### EXERCISE DETAILS
Please restate every record below word for word.

### GIVEN DATA
--- START ---

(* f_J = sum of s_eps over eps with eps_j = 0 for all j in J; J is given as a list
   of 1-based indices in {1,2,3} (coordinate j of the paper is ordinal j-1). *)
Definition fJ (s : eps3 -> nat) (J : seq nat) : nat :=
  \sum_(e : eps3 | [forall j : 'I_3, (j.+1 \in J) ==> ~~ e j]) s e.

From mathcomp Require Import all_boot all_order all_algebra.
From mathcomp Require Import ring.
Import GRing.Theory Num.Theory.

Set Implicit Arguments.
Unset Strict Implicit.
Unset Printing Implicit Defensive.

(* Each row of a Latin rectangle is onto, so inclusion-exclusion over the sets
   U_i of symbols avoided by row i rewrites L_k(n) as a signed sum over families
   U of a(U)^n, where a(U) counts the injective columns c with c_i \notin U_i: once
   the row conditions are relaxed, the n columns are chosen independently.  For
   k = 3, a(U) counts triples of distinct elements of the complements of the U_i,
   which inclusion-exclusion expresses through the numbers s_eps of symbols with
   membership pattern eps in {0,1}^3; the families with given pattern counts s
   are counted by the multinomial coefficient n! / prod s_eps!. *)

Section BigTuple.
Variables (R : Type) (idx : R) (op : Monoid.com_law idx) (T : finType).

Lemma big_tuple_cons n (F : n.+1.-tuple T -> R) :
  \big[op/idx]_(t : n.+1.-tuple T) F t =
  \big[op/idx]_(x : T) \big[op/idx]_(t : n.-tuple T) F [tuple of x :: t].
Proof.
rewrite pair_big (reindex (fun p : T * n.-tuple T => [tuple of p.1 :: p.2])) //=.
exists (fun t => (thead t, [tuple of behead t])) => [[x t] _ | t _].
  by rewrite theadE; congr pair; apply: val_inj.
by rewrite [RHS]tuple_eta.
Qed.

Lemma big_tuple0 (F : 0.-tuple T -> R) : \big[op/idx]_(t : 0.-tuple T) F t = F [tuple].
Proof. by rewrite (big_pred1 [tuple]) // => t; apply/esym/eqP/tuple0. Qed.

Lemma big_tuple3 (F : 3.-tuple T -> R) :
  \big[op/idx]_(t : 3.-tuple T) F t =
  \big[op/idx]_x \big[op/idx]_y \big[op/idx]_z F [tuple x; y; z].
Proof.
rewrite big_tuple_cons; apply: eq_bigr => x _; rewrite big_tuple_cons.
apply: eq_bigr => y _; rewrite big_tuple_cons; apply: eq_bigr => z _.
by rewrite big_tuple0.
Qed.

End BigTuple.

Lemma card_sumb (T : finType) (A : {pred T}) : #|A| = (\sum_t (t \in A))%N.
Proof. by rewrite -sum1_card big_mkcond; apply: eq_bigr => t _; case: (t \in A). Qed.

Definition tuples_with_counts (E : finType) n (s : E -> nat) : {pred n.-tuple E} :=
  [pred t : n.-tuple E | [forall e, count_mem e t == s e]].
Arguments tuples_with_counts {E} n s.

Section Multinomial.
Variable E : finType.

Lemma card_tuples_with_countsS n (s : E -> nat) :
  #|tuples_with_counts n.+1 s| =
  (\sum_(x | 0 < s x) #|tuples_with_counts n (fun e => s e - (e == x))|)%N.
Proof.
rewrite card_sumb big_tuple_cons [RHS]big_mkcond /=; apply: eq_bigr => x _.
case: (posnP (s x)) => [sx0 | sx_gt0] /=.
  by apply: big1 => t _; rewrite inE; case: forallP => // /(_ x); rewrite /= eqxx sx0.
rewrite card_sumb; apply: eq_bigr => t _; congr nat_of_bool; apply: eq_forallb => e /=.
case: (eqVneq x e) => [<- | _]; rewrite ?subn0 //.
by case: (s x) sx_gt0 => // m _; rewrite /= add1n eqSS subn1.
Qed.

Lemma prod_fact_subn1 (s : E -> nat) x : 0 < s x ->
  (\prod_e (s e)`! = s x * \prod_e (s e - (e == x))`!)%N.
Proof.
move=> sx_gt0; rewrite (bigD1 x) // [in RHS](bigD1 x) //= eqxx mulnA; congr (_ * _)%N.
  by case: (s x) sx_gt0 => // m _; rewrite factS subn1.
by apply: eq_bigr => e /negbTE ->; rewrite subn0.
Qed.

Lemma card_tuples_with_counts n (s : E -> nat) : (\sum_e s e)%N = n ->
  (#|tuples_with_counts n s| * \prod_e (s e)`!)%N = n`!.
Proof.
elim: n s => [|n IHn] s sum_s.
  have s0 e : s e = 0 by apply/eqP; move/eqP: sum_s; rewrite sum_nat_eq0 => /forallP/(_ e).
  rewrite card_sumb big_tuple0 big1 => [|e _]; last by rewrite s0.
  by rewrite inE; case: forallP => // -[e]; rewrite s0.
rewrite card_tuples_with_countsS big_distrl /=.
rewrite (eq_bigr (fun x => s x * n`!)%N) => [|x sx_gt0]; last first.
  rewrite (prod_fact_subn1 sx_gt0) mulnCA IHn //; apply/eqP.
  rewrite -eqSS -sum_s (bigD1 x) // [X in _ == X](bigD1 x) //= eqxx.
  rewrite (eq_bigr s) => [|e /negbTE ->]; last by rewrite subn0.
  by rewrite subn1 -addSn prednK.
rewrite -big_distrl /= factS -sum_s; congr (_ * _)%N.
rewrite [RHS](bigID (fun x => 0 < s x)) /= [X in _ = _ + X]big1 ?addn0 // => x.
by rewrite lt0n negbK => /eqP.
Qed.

--- END ---

### WRITTEN ANSWER
(* f_J = sum of s_eps over eps with eps_j = 0 for all j in J; J is given as a list
   of 1-based indices in {1,2,3} (coordinate j of the paper is ordinal j-1). *)
Definition fJ (s : eps3 -> nat) (J : seq nat) : nat :=
  \sum_(e : eps3 | [forall j : 'I_3, (j.+1 \in J) ==> ~~ e j]) s e.

From mathcomp Require Import all_boot all_order all_algebra.
From mathcomp Require Import ring.
Import GRing.Theory Num.Theory.

Set Implicit Arguments.
Unset Strict Implicit.
Unset Printing Implicit Defensive.

(* Each row of a Latin rectangle is onto, so inclusion-exclusion over the sets
   U_i of symbols avoided by row i rewrites L_k(n) as a signed sum over families
   U of a(U)^n, where a(U) counts the injective columns c with c_i \notin U_i: once
   the row conditions are relaxed, the n columns are chosen independently.  For
   k = 3, a(U) counts triples of distinct elements of the complements of the U_i,
   which inclusion-exclusion expresses through the numbers s_eps of symbols with
   membership pattern eps in {0,1}^3; the families with given pattern counts s
   are counted by the multinomial coefficient n! / prod s_eps!. *)

Section BigTuple.
Variables (R : Type) (idx : R) (op : Monoid.com_law idx) (T : finType).

Lemma big_tuple_cons n (F : n.+1.-tuple T -> R) :
  \big[op/idx]_(t : n.+1.-tuple T) F t =
  \big[op/idx]_(x : T) \big[op/idx]_(t : n.-tuple T) F [tuple of x :: t].
Proof.
rewrite pair_big (reindex (fun p : T * n.-tuple T => [tuple of p.1 :: p.2])) //=.
exists (fun t => (thead t, [tuple of behead t])) => [[x t] _ | t _].
  by rewrite theadE; congr pair; apply: val_inj.
by rewrite [RHS]tuple_eta.
Qed.

Lemma big_tuple0 (F : 0.-tuple T -> R) : \big[op/idx]_(t : 0.-tuple T) F t = F [tuple].
Proof. by rewrite (big_pred1 [tuple]) // => t; apply/esym/eqP/tuple0. Qed.

Lemma big_tuple3 (F : 3.-tuple T -> R) :
  \big[op/idx]_(t : 3.-tuple T) F t =
  \big[op/idx]_x \big[op/idx]_y \big[op/idx]_z F [tuple x; y; z].
Proof.
rewrite big_tuple_cons; apply: eq_bigr => x _; rewrite big_tuple_cons.
apply: eq_bigr => y _; rewrite big_tuple_cons; apply: eq_bigr => z _.
by rewrite big_tuple0.
Qed.

End BigTuple.

Lemma card_sumb (T : finType) (A : {pred T}) : #|A| = (\sum_t (t \in A))%N.
Proof. by rewrite -sum1_card big_mkcond; apply: eq_bigr => t _; case: (t \in A). Qed.

Definition tuples_with_counts (E : finType) n (s : E -> nat) : {pred n.-tuple E} :=
  [pred t : n.-tuple E | [forall e, count_mem e t == s e]].
Arguments tuples_with_counts {E} n s.

Section Multinomial.
Variable E : finType.

Lemma card_tuples_with_countsS n (s : E -> nat) :
  #|tuples_with_counts n.+1 s| =
  (\sum_(x | 0 < s x) #|tuples_with_counts n (fun e => s e - (e == x))|)%N.
Proof.
rewrite card_sumb big_tuple_cons [RHS]big_mkcond /=; apply: eq_bigr => x _.
case: (posnP (s x)) => [sx0 | sx_gt0] /=.
  by apply: big1 => t _; rewrite inE; case: forallP => // /(_ x); rewrite /= eqxx sx0.
rewrite card_sumb; apply: eq_bigr => t _; congr nat_of_bool; apply: eq_forallb => e /=.
case: (eqVneq x e) => [<- | _]; rewrite ?subn0 //.
by case: (s x) sx_gt0 => // m _; rewrite /= add1n eqSS subn1.
Qed.

Lemma prod_fact_subn1 (s : E -> nat) x : 0 < s x ->
  (\prod_e (s e)`! = s x * \prod_e (s e - (e == x))`!)%N.
Proof.
move=> sx_gt0; rewrite (bigD1 x) // [in RHS](bigD1 x) //= eqxx mulnA; congr (_ * _)%N.
  by case: (s x) sx_gt0 => // m _; rewrite factS subn1.
by apply: eq_bigr => e /negbTE ->; rewrite subn0.
Qed.

Lemma card_tuples_with_counts n (s : E -> nat) : (\sum_e s e)%N = n ->
  (#|tuples_with_counts n s| * \prod_e (s e)`!)%N = n`!.
Proof.
elim: n s => [|n IHn] s sum_s.
  have s0 e : s e = 0 by apply/eqP; move/eqP: sum_s; rewrite sum_nat_eq0 => /forallP/(_ e).
  rewrite card_sumb big_tuple0 big1 => [|e _]; last by rewrite s0.
  by rewrite inE; case: forallP => // -[e]; rewrite s0.
rewrite card_tuples_with_countsS big_distrl /=.
rewrite (eq_bigr (fun x => s x * n`!)%N) => [|x sx_gt0]; last first.
  rewrite (prod_fact_subn1 sx_gt0) mulnCA IHn //; apply/eqP.
  rewrite -eqSS -sum_s (bigD1 x) // [X in _ == X](bigD1 x) //= eqxx.
  rewrite (eq_bigr s) => [|e /negbTE ->]; last by rewrite subn0.
  by rewrite subn1 -addSn prednK.
rewrite -big_distrl /= factS -sum_s; congr (_ * _)%N.
rewrite [RHS](bigID (fun x => 0 < s x)) /= [X in _ = _ + X]big1 ?addn0 // => x.
by rewrite lt0n negbK => /eqP.
Qed.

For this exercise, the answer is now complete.